Pero si ello es así, ¿qué ocurriría con la universidad y sus ideales de objetividad y universalidad? Digamos
en primer lugar que la actual crítica a la verdad no debe ser asumida como un momento particularmente
trágico de la cultura; no se trata ni de abandonar la tradición ni de comenzar desde cero a construir el
mundo. La posmodernidad se ha ofrecido básicamente como una discusión entre estudiosos de la filosofía
y las ciencias humanas en relación con el lugar y valor de la ciencia frente a la cultura no se trata de una
discusión sobre el valor de las ciencias particulares. Aún más: la denominada posición posmoderna, crítica
de la razón, no es ni asumida ni defendida de la misma manera por todos los críticos de la modernidad;
esto por supuesto, puede ser más bien un aspecto negativo que uno positivo al interior de las academias,
pues genera profundas ambigüedades conceptuales que se prestan a todo tipo de charlatanerías. Pero
compártase o no la crítica a la razón, los estudiosos no pueden quedarse al margen de este debate que en
el fondo es un debate sobre la verdad.

Lo que la universidad contemporánea enfrenta hoy es un reto particularmente interesante pues, en esta
ocasión, los elementos de la crítica no parecen provenir del exterior de la institución misma sino que
surgen del propio sentido de su labor intelectual. Las batallas por una política democrática, por el
reconocimiento de las diferencias raciales, sexuales y culturales son apenas ejemplos mínimos que
presuponen un cambio de marcha en cuanto al valor y alcance de la investigación científica. Un caso
particularmente difícil para el currículo universitario contemporáneo se encarna en la dura discusión sobre
el sentido de la educación a partir de los clásicos: ¿clásicos para quién?, ¿clásicos para qué grupo, para
qué objetivo, con qué intención? No resulta fácil dar respuesta a estas preguntas y a muchas otras que
parecen cuestionar la existencia misma de la universidad. Dos respuestas de pensadores posmodernos
podrían ayudarnos a pensar que la salida a la dura crisis actual se encuentra en una concepción nueva de
las relaciones del hombre con el mundo: de un lado, Nietzsche nos convoca a pensar que la objetividad y
la verdad no son más que escapatorias a nuestra condición de seres humanos finitos y aislados, pero que
si asumiésemos con plena conciencia esta soledad de los seres humanos, encontraríamos mejores
posibilidades de autorrealización; de otro lado, el filósofo norteamericano Richard Rorty nos invita a
abandonar la objetividad y a cambiarla por la solidaridad, en los siguientes términos: (¿solidaridad u
objetividad?)

Si alguna vez pudiésemos estar motivados únicamente por el deseo de solidaridad, dejando sin más de
lado el deseo de objetividad, concebiríamos que el progreso humano hace posible que los seres humanos
hagan cosas más interesantes y sean personas más interesantes, y no como el movimiento hacia un lugar
que de algún modo ha sido preparado para la humanidad de antemano. Nuestra autoimagen utilizaría
imágenes de realizar en vez de encontrar, las imágenes utilizadas por los románticos para elogiar a los
poetas más que las imágenes utilizadas por los griegos para elogiar a los matemáticos.
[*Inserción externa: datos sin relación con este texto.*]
Lemma balanced_additivel y : zmod_morphism (b^~ y).
Proof. by case: bB => bD _ _ x1 x2; apply/eqP; rewrite eq_sym subr_eq -bD subrK. Qed.

Lemma balanced_additiver x : zmod_morphism (b x).
Proof. by case: bB => _ bD _ y1 y2; apply/eqP; rewrite eq_sym subr_eq -bD subrK. Qed.

Lemma balanced0l y : b 0 y = 0.
Proof. exact: (raddf0 (additive_of (balanced_additivel y))). Qed.

Lemma balancedBr x y1 y2 : b x (y1 - y2) = b x y1 - b x y2.
Proof. exact: (raddfB (additive_of (balanced_additiver x))). Qed.

Lemma balanced_suml (J : Type) (r : seq J) (X : J -> F) y :
  b (\sum_(j <- r) X j) y = \sum_(j <- r) b (X j) y.
Proof. exact: (raddf_sum (additive_of (balanced_additivel y))). Qed.

Lemma balanced_sumr (J : Type) (r : seq J) x (Y : J -> N) :
  b x (\sum_(j <- r) Y j) = \sum_(j <- r) b x (Y j).
Proof. exact: (raddf_sum (additive_of (balanced_additiver x))). Qed.

End BalancedMaps.

Section PureSolvability.
Variables (R : pzRingType) (a b : nat) (A : 'M[R]_(a, b)).

(* The right module presented by A is the quotient of the column vectors R^a by
   the right submodule A R^b; its tensor product with N is N^a / A N^b. *)
Definition col_image (c : 'cV[R^c]_a) :=
  exists r : 'I_b -> R, forall j, (c j 0 : R) = \sum_l A j l * r l.

Lemma col_image_subgroup : zmod_subgroup col_image.
Proof.
split; first by exists (fun=> 0) => j; rewrite mxE big1 // => l _; rewrite mulr0.
move=> c1 c2 [r1 c1E] [r2 c2E]; exists (fun l => r1 l - r2 l) => j.
by rewrite !mxE c1E c2E -sumrB; apply: eq_bigr => l _; rewrite mulrBr.
Qed.

Lemma col_imageZ s c : col_image c -> col_image (s *: c).
Proof.
move=> [r cE]; exists (fun l => r l * s) => j.
have -> : ((s *: c) j 0 : R) = (c j 0 : R) * s by rewrite mxE.
by rewrite cE mulr_suml; apply: eq_bigr => l _; rewrite mulrA.
Qed.

Definition presented : rmodType R := lquot col_image_subgroup col_imageZ.

Local Notation ppi := (lpi col_image_subgroup col_imageZ).

Definition presented_gen j : presented := ppi (delta_mx j 0).

Lemma presented_gen_sum (c : 'cV[R^c]_a) :
  \sum_j ((c j 0 : R) : R^c) *: presented_gen j = ppi c.
Proof.
rewrite [in RHS](matrix_sum_delta c) linear_sum.
by apply: eq_bigr => j _; rewrite big_ord1 linearZ.
Qed.

Lemma presented_col_mx l : ppi (\col_j (A j l : R^c)) = 0.
Proof.
apply/lpi0E; exists (fun m => (m == l)%:R) => j; rewrite mxE (bigD1 l) //= eqxx.
by rewrite mulr1 big1 ?addr0 // => m /negPf ->; rewrite mulr0.
Qed.

Section Tensor.
Variable N : lmodType R.

Definition row_image (v : dfun (fun _ : 'I_a => N)) :=
  exists w : 'I_b -> N, forall j, v j = mxcomb A w j.

Lemma row_image_subgroup : zmod_subgroup row_image.
Proof.
split; first by exists (fun=> 0) => j; rewrite mxcomb0.
by move=> v1 v2 [w1 v1E] [w2 v2E]; exists (fun l => w1 l - w2 l) => j;
  rewrite mxcombB -v1E -v2E.
Qed.

Definition tensor := zquot row_image_subgroup.
Local Notation tpi := (zpi row_image_subgroup).

Definition tens_col (y : N) (c : 'cV[R^c]_a) : tensor :=
  tpi (fun j => (c j 0 : R) *: y).

Lemma tens_col_is_additive y : zmod_morphism (tens_col y).
Proof.
move=> c1 c2; rewrite -raddfB; congr zpi; apply: dfunP => j.
by rewrite !mxE scalerBl.
Qed.

HB.instance Definition _ y :=
  GRing.isZmodMorphism.Build _ _ (tens_col y) (tens_col_is_additive y).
Que la universidad contemporánea pueda o no adecuarse a este modo de entender la verdad y la cultura,
con todas sus consecuencias, es asunto que sólo el tiempo y la voluntad de los hombres decidirán. De lo
que sí podemos estar seguros es de que nunca la institución universitaria podrá desligarse del sentido de
la verdad que la sociedad determine como una de sus estructuras fundamentales.